Taking these results together, Dr Simmons says: “Screening appears to offer beneficial effects for all those diagnosed with diabetes, regardless of whether they were screen detected or clinically diagnosed but this benefit is too small to have an impact on overall population risk of heart disease and stroke, for example, or on early death.”
Indeed, in the first of two comments published with these articles, Professor David Simmons, Western Sydney University, NSW, Australia, and Dr Janice C. Zgibor, University of South Florida, Tampa, FL, USA, say that “trials of screening for undiagnosed diabetes among asymptomatic individuals may no longer be feasible or ethical in many countries. The most efficient recommendation may be opportunistic screening, where patients already seeking care (including screening) for another condition are subsequently tested for diabetes or prediabetes. If screened positive, they are more likely to receive treatment, thus leading to improved outcomes. There is probably sufficient evidence to conclude that this systematic approach to screening should occur in primary care and that focus should now shift to trials of how to screen methods for implementing treatment earlier, and better risk factor control in those at highest risk.”
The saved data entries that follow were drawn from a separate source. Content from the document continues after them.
(* A minimum cover [S] of the product leaves the independent set
   [(∂G × ∂H) \ S], which Zhang's bound controls. *)
Lemma sdim_cart_prod_ge :
  minn (#|boundary e1| * sdim e2) (#|boundary e2| * sdim e1) <= sdim e.
Proof.
have [S [_ S_cover <-]] := exists_min_cover cart_prod_sym cart_prod_connected.
set X := setX (boundary e1) (boundary e2).
have rest_indep : indep (rel_prod (mutually_max_distant e1) (mutually_max_distant e2)) (X :\: S).
  by rewrite -(eq_indep _ mmd_cart_prod); apply: indep_setD_cover.
have := card_indep_rel_prod (@mmd_sym _ e1) (@mmd_sym _ e2)
  (SR_indep_ratio se1 conn1 vt1) (SR_indep_ratio se2 conn2 vt2) (subsetDl _ _) rest_indep.
rewrite cardsD cardsX => rest_le; apply: leq_trans (subset_leq_card (subsetIr X S)).
by apply: leq_min_subn_max rest_le; apply: sdim_le_boundary.
Qed.

End CartesianProduct.

Theorem theorem14 (T1 T2 : finType) (e1 : rel T1) (e2 : rel T2) :
  simple_graph e1 -> simple_graph e2 ->
  connected_graph e1 -> connected_graph e2 ->
  1 < #|T1| -> 1 < #|T2| ->
  SR_vertex_transitive e1 -> SR_vertex_transitive e2 ->
  sdim (cart_prod e1 e2) =
    minn (#|boundary e1| * sdim e2) (#|boundary e2| * sdim e1).
Proof.
move=> [se1 ie1] [se2 ie2] conn1 conn2 card1 card2 vt1 vt2.
apply/eqP; rewrite eqn_leq leq_min.
by rewrite sdim_cart_prod_le_l ?sdim_cart_prod_le_r ?sdim_cart_prod_ge.
Qed.
Lemma addable_rem_box : addable (rem_box l s) s.
Proof.
rewrite /addable; case: eqP => //= s_neq1.
rewrite !col_rem_box ?eqxx 1?(_ : s.-1 == s = false); try lia.
by have := leq_col l (leq_pred s); lia.
Qed.

End RemBox.

Lemma rem_boxK l s : is_partition l -> corner l s -> add_box (rem_box l s) s = l.
Proof.
move=> pl cs; have s_gt0 : 0 < s by case/andP: cs.
have [pr ar] := (rem_box_partition pl cs, addable_rem_box pl cs).
apply: partition_col_inj => //; first exact: add_box_partition.
move=> j j_gt0; rewrite col_add_box // col_rem_box //.
by case: eqP => [->|_]; case/andP: cs; lia.
Qed.

Lemma add_boxK l s : is_partition l -> 0 < s -> addable l s ->
  rem_box (add_box l s) s = l.
Proof.
move=> pl s_gt0 al; have [pa ca] := (add_box_partition pl s_gt0 al, corner_add_box pl s_gt0 al).
apply: partition_col_inj => //; first exact: rem_box_partition.
by move=> j j_gt0; rewrite col_rem_box // col_add_box // addnK.
Qed.

Lemma psize_rem_box l s : is_partition l -> corner l s -> psize l = (psize (rem_box l s)).+1.
Proof.
move=> pl cs; have s_gt0 : 0 < s by case/andP: cs.
rewrite -{1}(rem_boxK pl cs) psize_add_box //.
- exact: rem_box_partition.
- exact: addable_rem_box.
Qed.

Lemma addable_add_boxE m l s : is_partition m -> is_partition l -> 0 < s ->
  addable m s && (add_box m s == l) = corner l s && (m == rem_box l s).
Proof.
move=> pm pl s_gt0; apply/idP/idP.
- by case/andP=> am /eqP <-; rewrite corner_add_box // add_boxK ?eqxx.
- by case/andP=> cs /eqP ->; rewrite addable_rem_box // rem_boxK ?eqxx.
Qed.

Lemma corner_le_ncols l s : is_partition l -> corner l s -> s <= ncols l.
Proof. by move=> pl /andP[s_gt0 cs]; rewrite -col_gt0 //; lia. Qed.

Lemma addable_le_ncols l s : is_partition l -> 0 < s -> addable l s -> s <= (ncols l).+1.
Proof.
move=> pl s_gt0; rewrite /addable; case: eqP => [->|s_neq1] //= lt_col.
have : 0 < col l s.-1 by lia.
by rewrite col_gt0 //; lia.
Qed.

Lemma col_not_addable l s : 0 < s -> ~~ addable l s -> col l s = col l s.-1.
Proof.
move=> s_gt0; rewrite negb_or -leqNgt => /andP[_ le_col].
by have := leq_col l (leq_pred s); lia.
Qed.

Lemma col_not_corner l s : 0 < s -> ~~ corner l s -> col l s.+1 = col l s.
Proof.
move=> s_gt0; rewrite /corner s_gt0 -leqNgt => le_col.
by have := leq_col l (leqnSn s); lia.
Qed.

Lemma col1_gt0 l : is_partition l -> 0 < psize l -> 0 < col l 1.
Proof. by move=> pl; rewrite col1E //; case: l {pl}. Qed.

Lemma mult_col l i : mult l i = col l i - col l i.+1.
Proof.
rewrite /mult /col; elim: l => [//|a l IHl] /=.
have := leq_col l (leqnSn i); rewrite /col IHl.
by case: (ltngtP a i) => /=; lia.
Qed.

Local Open Scope classical_set_scope.
Local Open Scope ring_scope.

Lemma prod_nat_if_eq (R : pzSemiRingType) (j n : nat) (c : R) :
  \prod_(1 <= i < n.+1) (if i == j then c else 1) = if (1 <= j <= n)%N then c else 1.
Proof.
elim: n => [|n IHn]; first by rewrite big_nil; case: j.
rewrite big_nat_recr //= IHn; case: (eqVneq n.+1 j) => [<-|Nj].
  by rewrite ltnn andbF leqnn /= mul1r.
by rewrite mulr1 (_ : (j <= n.+1)%N = (j <= n)%N) //; lia.
Qed.

Lemma sum_add_box (R : comPzSemiRingType) (f : nat -> R) m l :
  is_partition m -> is_partition l ->
  (forall s, (0 < s)%N -> ~~ addable m s -> f s = 0) ->
  \sum_(s <- iota 1 (ncols m).+1) f s * (add_box m s == l)%:R =
  \sum_(s <- iota 1 (ncols l)) (corner l s)%:R * (m == rem_box l s)%:R * f s.
Proof.
move=> pm pl f0.
transitivity (\sum_(s <- iota 1 ((ncols m).+1 + ncols l))
    (addable m s && (add_box m s == l))%:R * f s).
  rewrite iotaD big_cat [X in _ = _ + X]big1_seq ?addr0.
  - apply: eq_big_seq => s; rewrite mem_iota => /andP[s_gt0 _].
    have [am|nam] := boolP (addable m s); first by rewrite mulrC.
    by rewrite f0 // !mul0r.
  - move=> s /andP[_]; rewrite mem_iota => /andP[s_gt _].
    have [am|] := boolP (addable m s); last by rewrite mul0r.
    by exfalso; have := addable_le_ncols pm (_ : 0 < s)%N am; lia.
rewrite addnC iotaD big_cat [X in _ + X = _]big1_seq ?addr0.
- apply: eq_big_seq => s; rewrite mem_iota => /andP[s_gt0 _].
  rewrite addable_add_boxE //.
  by case: (corner l s); case: (m == rem_box l s); rewrite ?mul1r ?mul0r.
- move=> s /andP[_]; rewrite mem_iota => /andP[s_gt _].
  rewrite addable_add_boxE //; last by lia.
  have [cs|] := boolP (corner l s); last by rewrite mul0r.
  by exfalso; have := corner_le_ncols pl cs; lia.
Qed.

Section AffineYTA.
Variables (R : realType) (q u : R).
Hypotheses (q_gt1 : 1 < q) (u_gt0 : 0 < u) (u_lt1 : u < 1).

Let q_gt0 : 0 < q. Proof. exact: lt_trans ltr01 q_gt1. Qed.
Let u_neq0 : u != 0. Proof. by rewrite gt_eqF. Qed.

Lemma qX_gt0 n : 0 < q ^+ n. Proof. exact: exprn_gt0. Qed.
Lemma qX_neq0 n : q ^+ n != 0. Proof. by rewrite gt_eqF ?qX_gt0. Qed.
Lemma qX_gt1 n : (0 < n)%N -> 1 < q ^+ n. Proof. by move=> n_gt0; rewrite exprn_egt1 // -lt0n. Qed.

Lemma qXB1_neq0 N : (0 < N)%N -> q ^+ N - 1 != 0.
Proof. by move=> N_gt0; rewrite subr_eq0 gt_eqF ?qX_gt1. Qed.

Lemma qpoch_gt0 m : 0 < qpoch q m.
Proof.
rewrite /qpoch big_nat_cond; apply: prodr_gt0 => i /andP[/andP[i_gt0 _] _].
by rewrite subr_gt0 invf_lt1 ?qX_gt0 ?qX_gt1.
Qed.

Lemma qpochS m : qpoch q m.+1 = qpoch q m * (1 - (q ^+ m.+1)^-1).
Proof. by rewrite /qpoch big_nat_recr. Qed.

Definition qfalling (N k : nat) : R := \prod_(j < k) (1 - (q ^+ (N - j))^-1).

Lemma qfallingS N k : qfalling N k.+1 = qfalling N k * (1 - (q ^+ (N - k))^-1).
Proof. by rewrite /qfalling big_ord_recr. Qed.

Lemma qfalling_eq0 N k : (N < k)%N -> qfalling N k = 0.
Proof.
move=> /subnKC <-; rewrite /qfalling (bigD1 (Ordinal (ltn_addr _ (ltnSn N)))) //=.
by rewrite subnn expr0 invr1 subrr mul0r.
Qed.

Lemma qfalling_pred N k : (0 < N)%N ->
  qfalling N.-1 k * (q ^+ N - 1) = qfalling N k * (q ^+ N - q ^+ k).
Proof.
move=> N_gt0; elim: k => [|k IHk]; first by rewrite /qfalling !big_ord0 expr0.
rewrite !qfallingS mulrAC IHk -!mulrA; congr (_ * _).
have [kN|Nk] := ltnP k N; last first.
  have [-> ->] : (N.-1 - k = 0 /\ N - k = 0)%N by lia.
  by rewrite expr0 invr1 subrr mulr0 mul0r.
have [e -> ->] : exists2 e, (N.-1 - k = e)%N & N = (e + k).+1 by exists (N.-1 - k)%N; lia.
rewrite subSn ?leq_addl // addnK !exprS exprD.
by field; rewrite (gt_eqF q_gt0) qX_neq0.
Qed.

Lemma qfalling_shift N k :
  (q ^+ N / q ^+ k - 1) * qfalling N k = q ^+ N / q ^+ k * qfalling N k.+1.
Proof.
rewrite qfallingS; have [kN|Nk] := ltnP k N.
  have -> : N = (N - k + k)%N by rewrite subnK // ltnW.
  rewrite exprD mulfK ?qX_neq0 // addnK.
  by have := qX_neq0 (N - k) => ?; field.
rewrite (_ : N - k = 0)%N ?expr0 ?invr1 ?subrr ?mulr0; last by lia.
have [->|Nk'] := eqVneq N k; first by rewrite mulfV ?qX_neq0 // subrr mul0r.
by rewrite qfalling_eq0 ?mulr0 //; lia.
Qed.

Definition Nuq_factor (l : seq nat) (i : nat) : R :=
  q ^+ (col l i ^ 2) * qpoch q (col l i - col l i.+1).
Definition Nuq_denom (l : seq nat) : R := \prod_(1 <= i < (ncols l).+1) Nuq_factor l i.
Definition Nuq_weight (l : seq nat) : R := u ^+ psize l / Nuq_denom l.

Lemma Nuq_denom_gt0 l : 0 < Nuq_denom l.
Proof. by apply: prodr_gt0 => i _; rewrite mulr_gt0 ?qX_gt0 ?qpoch_gt0. Qed.

Lemma Nuq_denom_neq0 l : Nuq_denom l != 0.
Proof. by rewrite gt_eqF ?Nuq_denom_gt0. Qed.

Lemma Nuq_denom_widen l n : is_partition l -> (ncols l <= n)%N ->
  Nuq_denom l = \prod_(1 <= i < n.+1) Nuq_factor l i.
Proof.
move=> pl ln; have ln' : ((ncols l).+1 <= n.+1)%N by [].
rewrite /Nuq_denom [RHS](big_cat_nat (n := (ncols l).+1) _ ln') //=.
rewrite [X in _ * X]big_nat_cond [X in _ * X]big1 ?mulr1 // => i /andP[/andP[li _] _].
have li' : (ncols l < i.+1)%N by apply: ltnW.
by rewrite /Nuq_factor (col_gt_ncols pl li) (col_gt_ncols pl li') mul1r /qpoch big_nil.
Qed.

Lemma NuqE l : (0 < psize l)%N ->
  Nuq q u l = inf_prod q u * Nuq_weight l * (q ^+ col l 1 - 1) / u.
Proof.
move=> l_gt0; rewrite /Nuq.
have -> : \prod_(1 <= i < (ncols l).+1) (q ^+ (col l i ^ 2) * qpoch q (mult l i)) = Nuq_denom l.
  by apply: eq_bigr => i _; rewrite mult_col.
rewrite /Nuq_weight -(prednK l_gt0) exprS /=.
by field; rewrite u_neq0 Nuq_denom_neq0.
Qed.

Section RemBoxWeights.
Variables (l : seq nat) (s : nat).
Hypotheses (pl : is_partition l) (cs : corner l s).

Let s_gt0 : (0 < s)%N. Proof. by case/andP: cs. Qed.
Let c := col l s.
Let c_gt0 : (0 < c)%N. Proof. by case/andP: cs; rewrite /c; lia. Qed.
(* Consider, for $x> 0$, the planar piecewise-smooth system $$\dot x=1,\qquad \dot y=-ay-\sin\!\left[\pi x\left(1+\tfrac12\lambda\right)\right],$$ with $a>0$, where $\lambda=\operatorname{sign}(y)$ for $y\neq0$ and $\lambda\in(-1,1)$ for $y=0$. Then its sliding manifold is $$\Lambda^{N}=\left\{(x,0)\in\mathbb{R}^2:\ x\in\left(\tfrac{2n}{3},\,2n\right),\ n\in\mathbb{N}\setminus\{0\}\right\}.$$
   Context: The sliding manifold is the set of points $(x,0)$ on the switching line $y=0$ for which there exists $\lambda\in(-1,1)$ with $\sin\!\left[\pi x\left(1+\tfrac12\lambda\right)\right]=0$, i.e. points where a motion $y\equiv0$, $\dot x=1$ along the switching line is possible. *)

From Stdlib Require Import Reals.
Open Scope R_scope.

Definition ydot (a x y lam : R) : R := - a * y - sin (PI * x * (1 + lam / 2)).

(* Sliding manifold (as defined in the paper): the points (x,0), x > 0, of the
   switching line y = 0 for which some lambda in (-1,1) makes the motion
   y == 0, x' = 1 possible, i.e. sin(pi x (1 + lambda/2)) = 0
   (equivalently, ydot a x 0 lam = 0). *)
Definition sliding_manifold (a : R) (p : R * R) : Prop :=
  0 < fst p /\ snd p = 0 /\
  exists lam : R, -1 < lam < 1 /\ sin (PI * fst p * (1 + lam / 2)) = 0.

(* sin (pi t) vanishes exactly at integers t, and as lambda runs over (-1,1)
   the argument x (1 + lambda/2) runs over the open interval (x/2, 3x/2).
   So (x,0) slides iff some integer n satisfies x/2 < n < 3x/2, i.e.
   2n/3 < x < 2n; such an n is positive because x is. *)
From Stdlib Require Import Reals Lra Lia ZArith.
Open Scope R_scope.

Lemma sin_PI_mul_eq_0 (t : R) : sin (PI * t) = 0 <-> exists k : Z, t = IZR k.
Proof.
  split.
  - intros h; destruct (sin_eq_0_0 _ h) as [k hk]; exists k.
    apply (Rmult_eq_reg_l PI); [rewrite hk; ring | exact PI_neq0].
  - intros [k ->]; apply sin_eq_0_1; exists k; ring.
Qed.

Lemma scaled_open_interval (x c : R) : 0 < x ->
  (exists lam : R, -1 < lam < 1 /\ x * (1 + lam / 2) = c) <-> x / 2 < c < 3 * x / 2.
Proof.
  intros hx; split.
  - intros [lam [hlam <-]]; split; nra.
  - intros hc; exists (2 * (c / x - 1)).
    assert (hcx : c / x * x = c) by (field; lra).
    assert (lo : 1 / 2 < c / x) by (apply (Rmult_lt_reg_r x); lra).
    assert (hi : c / x < 3 / 2) by (apply (Rmult_lt_reg_r x); lra).
    split; [lra | field; lra].
Qed.

Lemma integer_in_scaled_interval (x : R) : 0 < x ->
  (exists k : Z, x / 2 < IZR k < 3 * x / 2) <->
  (exists n : nat, (1 <= n)%nat /\ 2 * INR n / 3 < x < 2 * INR n).
Proof.
  intros hx; split.
  - intros [k hk].
    assert (hk0 : (0 < k)%Z) by (apply lt_0_IZR; lra).
    exists (Z.to_nat k); rewrite INR_IZR_INZ, Z2Nat.id by lia.
    split; [lia | lra].
  - intros [n [_ hn]]; exists (Z.of_nat n); rewrite <- INR_IZR_INZ; lra.
Qed.

Lemma sliding_parameter_iff (x : R) : 0 < x ->
  (exists lam : R, -1 < lam < 1 /\ sin (PI * x * (1 + lam / 2)) = 0) <->
  (exists k : Z, x / 2 < IZR k < 3 * x / 2).
Proof.
  intros hx; split.
  - intros [lam [hlam hs]]; rewrite Rmult_assoc, sin_PI_mul_eq_0 in hs.
    destruct hs as [k hk]; exists k.
    apply scaled_open_interval; [exact hx | exists lam; auto].
  - intros [k hk]; apply scaled_open_interval in hk as [lam [hlam hk]]; [|exact hx].
    exists lam; split; [exact hlam|].
    rewrite Rmult_assoc, sin_PI_mul_eq_0; exists k; exact hk.
Qed.

Theorem proposition2 (a : R) (ha : 0 < a) :
  forall p : R * R,
    sliding_manifold a p <->
    (snd p = 0 /\
     exists n : nat, (1 <= n)%nat /\
       2 * INR n / 3 < fst p < 2 * INR n).
Proof.
  intros [x y]; unfold sliding_manifold; simpl; split.
  - intros [hx [hy hlam]]; split; [exact hy|].
    apply integer_in_scaled_interval, sliding_parameter_iff; assumption.
  - intros [hy hn].
    assert (hx : 0 < x) by (destruct hn as [n [hn1 hn]]; apply lt_0_INR in hn1; lra).
    split; [exact hx | split; [exact hy|]].
    apply sliding_parameter_iff, integer_in_scaled_interval; assumption.
Qed.
Lemma list_sum_map_le {A} (f g : A -> nat) l : (forall x, In x l -> f x <= g x)%nat ->
  (list_sum (map f l) <= list_sum (map g l))%nat.
Proof.
  induction l as [|a l IH]; intros H; simpl; [lia|].
  specialize (IH (fun x Hx => H x (or_intror Hx))). specialize (H a (or_introl eq_refl)). lia.
Qed.

Lemma list_sum_map_indicator {A} (P : A -> bool) c l :
  list_sum (map (fun x => if P x then c else 0%nat) l) = (c * length (filter P l))%nat.
Proof. induction l as [|a l IH]; simpl; [lia | destruct (P a); simpl; rewrite IH; lia]. Qed.

Lemma list_sum_map_const {A} c (l : list A) : list_sum (map (fun _ => c) l) = (c * length l)%nat.
Proof. induction l as [|a l IH]; simpl; [lia | rewrite IH; lia]. Qed.

Definition block (L : nat) (p : pt) : pt := (fst p / Z.of_nat L, snd p / 2)%Z.

(* The block with corner (L c.1, 2 c.2), listed along its Hamiltonian cycle:
   forward along the bottom row, then back along the top row. *)
Definition block_point (L : nat) (c : pt) (i : nat) : pt :=
  if (i <? L)%nat then (Z.of_nat L * fst c + Z.of_nat i, 2 * snd c)%Z
  else (Z.of_nat L * fst c + Z.of_nat (2 * L - 1 - i), 2 * snd c + 1)%Z.

Definition block_points (L : nat) (c : pt) : list pt := map (block_point L c) (seq 0 (2 * L)).

Lemma Z_div_affine m q r : (0 <= r < m)%Z -> ((m * q + r) / m = q)%Z.
Proof. intros H. symmetry. apply Z.div_unique with r; lia. Qed.

Lemma block_points_spec L c p : (0 < L)%nat -> In p (block_points L c) <-> block L p = c.
Proof.
  intros HL. unfold block_points, block. rewrite in_map_iff. split.
  - intros [i [<- Hi]]. apply in_seq in Hi. destruct c as [c1 c2].
    unfold block_point. destruct (Nat.ltb_spec i L); cbn [fst snd];
      (f_equal; [apply Z_div_affine; lia | Z.div_mod_to_equations; lia]).
  - destruct p as [p1 p2]. cbn [fst snd]. intros <-.
    pose proof (Z.div_mod p1 (Z.of_nat L) ltac:(lia)) as E1.
    pose proof (Z.mod_pos_bound p1 (Z.of_nat L) ltac:(lia)) as B1.
    pose proof (Z.div_mod p2 2 ltac:(lia)) as E2.
    pose proof (Z.mod_pos_bound p2 2 ltac:(lia)) as B2.
    set (r := Z.to_nat (p1 mod Z.of_nat L)).
    assert (Hr : Z.of_nat r = (p1 mod Z.of_nat L)%Z) by (unfold r; lia).
    clearbody r.
    destruct (Z.eq_dec (p2 mod 2) 0) as [E|E].
    + exists r. rewrite in_seq. unfold block_point. cbn [fst snd].
      destruct (Nat.ltb_spec r L); [split; [f_equal|] | ]; lia.
    + exists (2 * L - 1 - r)%nat. rewrite in_seq. unfold block_point. cbn [fst snd].
      destruct (Nat.ltb_spec (2 * L - 1 - r) L); [ | split; [f_equal|] ]; lia.
Qed.

Lemma block_points_length L c : length (block_points L c) = (2 * L)%nat.
Proof. unfold block_points. rewrite length_map, length_seq. reflexivity. Qed.

Lemma block_points_NoDup L c : NoDup (block_points L c).
Proof.
  apply NoDup_map_NoDup_ForallPairs; [|apply seq_NoDup].
  intros i j Hi Hj. apply in_seq in Hi, Hj. unfold block_point.
  destruct (Nat.ltb_spec i L), (Nat.ltb_spec j L); intros E; injection E; lia.
Qed.

Lemma walk_map_seq (f : nat -> pt) a k :
  (forall i, (a <= i)%nat -> (S i < a + k)%nat -> adj (f i) (f (S i))) ->
  is_walk (map f (seq a k)).
Proof.
  revert a; induction k as [|[|k] IH]; intros a Hf; [exact I | exact I |].
  split; [apply Hf; lia|]. apply (IH (S a)). intros i Hi Hk. apply Hf; lia.
Qed.

Lemma block_cycle L c : (0 < L)%nat ->
  is_walk (block_points L c ++ [block_point L c 0]).
Proof.
  intros HL. unfold block_points.
  replace (2 * L)%nat with (S (2 * L - 1)) by lia.
  apply walk_app with (d := block_point L c 0); [simpl; discriminate | discriminate | | exact I |].
  - apply walk_map_seq. intros i _ Hi. unfold block_point, adj.
    destruct (Nat.ltb_spec i L), (Nat.ltb_spec (S i) L); cbn [fst snd]; lia.
  - rewrite seq_S, map_app. cbn [map]. rewrite last_last. unfold hd, block_point, adj.
    destruct (Nat.ltb_spec (0 + (2 * L - 1)) L), (Nat.ltb_spec 0 L); cbn [fst snd]; lia.
Qed.

Lemma block_cycle_at L x : (0 < L)%nat ->
  exists U, is_walk (x :: U) /\ last (x :: U) x = x /\ length U = (2 * L)%nat /\
    (forall p, In p (x :: U) <-> block L p = block L x).
Proof.
  intros HL.
  assert (Hc := block_cycle L (block L x) HL).
  destruct (block_points L (block L x)) as [|c0 C] eqn:E.
  { apply (f_equal (@length pt)) in E. rewrite block_points_length in E. simpl in E. lia. }
  assert (Hc0 : c0 = block_point L (block L x) 0).
  { unfold block_points in E. replace (2 * L)%nat with (S (2 * L - 1)) in E by lia.
    injection E as E _. congruence. }
  assert (Hmem : forall p, In p (c0 :: C ++ [c0]) <-> block L p = block L x).
  { intros p. rewrite <- block_points_spec, E by exact HL. simpl.
    rewrite in_app_iff. simpl. intuition (subst; auto). }
  rewrite <- Hc0 in Hc. simpl in Hc.
  destruct (closed_walk_rotate c0 (C ++ [c0]) x Hc) as [U [HUw [HUl [HUn HUm]]]].
  - rewrite app_comm_cons. apply last_last.
  - apply Hmem. reflexivity.
  - exists U. split; [exact HUw|]. split; [exact HUl|]. split.
    + rewrite HUn, length_app. apply (f_equal (@length pt)) in E.
      rewrite block_points_length in E. simpl in *. lia.
    + intros p. rewrite HUm. apply Hmem.
Qed.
In the second comment, Professor Jonathan Shaw, Baker Heart and Diabetes Institute, Melbourne, VIC, Australia, says: “The appropriate conclusion from the currently-available evidence is that community screening programmes, such as those that have been established for colon and breast cancer, cannot be justified for type 2 diabetes in countries where opportunistic diabetes screening is functioning well, and management of cardiovascular risk factors is good. The large amounts of public money required for such screening programs would be better spent on treating those with the clinically diagnosed disease.”